The client started sending data to the cluster. After 30 minutes, I shutdown node 2 for 10 minutes. During this 10 minute period, the client sent all data to node 1 as expected. After that, I restarted node 2 and the client continued to send data to 2 nodes correctly. An hour later, I stopped a client.

I wanted to check if the data that was sent to node 1 at node 2 was automatically replicated to node 2 or not. To do this, I disabled node 1 and requested data during the time node 2 was dead from node 2, but nothing came back. This made me think that the data was not being played from node 1 to node 2. I posted a question Does Cassandra do "late" replication when node over and over again? ... It seems that the data was replicated automatically, but it was so slow.

I expect the data to be the same on both servers (for backup purposes).
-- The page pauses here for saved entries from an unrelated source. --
(* Let $\widehat{\mathcal T}_{pl}$ be the completion (formal infinite sums, graded by number of edges) of the linear span $\mathcal T_{pl}$ over a field $k$ of characteristic zero of planar rooted trees, equipped with the associative product $\star$ described in the context, and let $\ell^{(n)}$ denote the ladder tree with $n$ edges. Put $X:=\bullet+\sum_{n\ge 1}\ell^{(n)}$, where $\bullet$ is the one-vertex tree (the unit for $\star$). Then $$\log^\star(X)=\sum_{n>0}\frac{1}{n}\sum_{\tau\in T_{pl},\ |\tau|=n}\frac{(-1)^{\mathcal L(\tau)-1}}{\binom{n-1}{\mathcal L(\tau)-1}}\,\tau ,$$ where $|\tau|$ is the number of edges of $\tau$ and $\mathcal L(\tau)$ is its number of leaves.
   Context: A planar rooted tree is a finite rooted tree embedded in the plane (the order of the children of each vertex matters); $T_{pl}$ is the set of such trees and $\mathcal T_{pl}$ its linear span. The one-vertex tree is denoted $\bullet$. For planar rooted trees $t_1,\dots,t_n$, $B_+(t_1\cdots t_n)$ is the tree obtained by attaching the roots of $t_1,\dots,t_n$ (in this left-to-right order) to a new common root. The left Butcher product of $t$ and $u=B_+(u_1\cdots u_p)$ (with $p\ge 0$, $u=\bullet$ when $p=0$) is $t\circ u:=B_+(t\,u_1\cdots u_p)$; every tree $t\neq\bullet$ decomposes uniquely as $t=t_1\circ t_2$. Extend $\circ$ bilinearly. The product $\star$ on $\mathcal T_{pl}$ is the bilinear product defined recursively by $\bullet\star t=t\star\bullet=t$ and, for $s=s_1\circ s_2$ and $t=t_1\circ t_2$, $s\star t=s_1\circ(s_2\star t)+(s\star t_1)\circ t_2$; it is associative, has unit $\bullet$, and is additive in the number of edges, so it extends to $\widehat{\mathcal T}_{pl}$. Ladder trees: $\ell^{(0)}=\bullet$, $\ell^{(n+1)}=\ell^{(n)}\circ\bullet$ (the tree with $n$ edges forming a single path from the root). For $L\in\widehat{\mathcal T}_{pl}$ with no component in degree $0$, $\log^\star(\bullet+L):=\sum_{k\ge1}\frac{(-1)^{k+1}}{k}L^{\star k}$. A leaf of a tree with at least one edge is a vertex with no children. *)

From HB Require Import structures.
From mathcomp Require Import all_boot all_order all_algebra.
Set Implicit Arguments. Unset Strict Implicit. Unset Printing Implicit Defensive.
Import GRing.Theory.
Local Open Scope ring_scope.

Inductive ptree := Node of seq ptree.

Definition bullet : ptree := Node [::].
Definition Bplus (ts : seq ptree) : ptree := Node ts.

Fixpoint ptree_ind' (P : ptree -> Prop)
  (IH : forall ts, foldr (fun t A => P t /\ A) True ts -> P (Node ts)) (t : ptree) : P t :=
  match t with
  | Node ts => IH ts ((fix aux (ts : seq ptree) : foldr (fun t A => P t /\ A) True ts :=
                        match ts with
                        | [::] => I
                        | t :: ts' => conj (ptree_ind' IH t) (aux ts')
                        end) ts)
  end.

Fixpoint ptree_enc (t : ptree) : GenTree.tree unit :=
  match t with Node ts => GenTree.Node 0 (map ptree_enc ts) end.
Fixpoint ptree_dec (g : GenTree.tree unit) : ptree :=
  match g with
  | GenTree.Leaf _ => Node [::]
  | GenTree.Node _ gs => Node (map ptree_dec gs)
  end.
Lemma ptree_encK : cancel ptree_enc ptree_dec.
Proof.
elim/ptree_ind' => ts IH /=; congr Node; rewrite -map_comp.
by elim: ts IH => [|t ts IHts] //= [-> /IHts ->].
Qed.
HB.instance Definition _ := Countable.copy ptree (can_type ptree_encK).

Fixpoint edges (t : ptree) : nat :=
  match t with Node ts => sumn (map (fun s => (edges s).+1) ts) end.

(* number of leaves (vertices without children); for the one-vertex tree it is 1
   by convention, which is never used in the statement *)
Fixpoint leaves (t : ptree) : nat :=
  match t with
  | Node [::] => 1
  | Node ts => sumn (map leaves ts)
  end.

Definition circ (t u : ptree) : ptree :=
  match u with Node us => Node (t :: us) end.

Fixpoint ladder (n : nat) : ptree :=
  if n is m.+1 then circ (ladder m) bullet else bullet.

(* The product star on basis trees, as an element of the span of trees with
   nonnegative integer coefficients, represented as a multiset (seq) of trees.
   For s = s1 o s2 = Node (s1 :: ss) (so s2 = Node ss), t = t1 o t2:
   s * t = s1 o (s2 * t) + (s * t1) o t2.
   Defined with fuel; fuel (edges s + edges t).+1 suffices. *)
Fixpoint star_fuel (fuel : nat) (s t : ptree) : seq ptree :=
  match fuel with
  | 0 => [::]
  | f.+1 =>
    match s, t with
    | Node [::], _ => [:: t]
    | _, Node [::] => [:: s]
    | Node (s1 :: ss), Node (t1 :: ts) =>
        map (circ s1) (star_fuel f (Node ss) t)
        ++ map (fun x => circ x (Node ts)) (star_fuel f s t1)
    end
  end.

Definition star (s t : ptree) : seq ptree := star_fuel (edges s + edges t).+1 s t.

(* enumeration of forests of total weight n (weight of a tree = edges + 1)
   and of trees with exactly n edges *)
Fixpoint forests_fuel (fuel n : nat) : seq (seq ptree) :=
  match fuel with
  | 0 => [::]
  | f.+1 =>
    if n is 0 then [:: [::]]
    else flatten [seq [seq Node c :: rest | c <- forests_fuel f e,
                                             rest <- forests_fuel f (n - e.+1)]
                 | e <- iota 0 n]
  end.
This means that data sent to the system when node 2 is dead should be replicated from node 1 to node 2 automatically after node 2 becomes available (since RF = 2).

I have several questions:

1) Is replication really slow? Or have I configured something wrong?

2) If the client is sending half of the data to every node, as in this question, I think it is possible to lose data (for example, node 1 is receiving data from the client and node 1 is replicating data to node 2, it suddenly crashes). I'm right?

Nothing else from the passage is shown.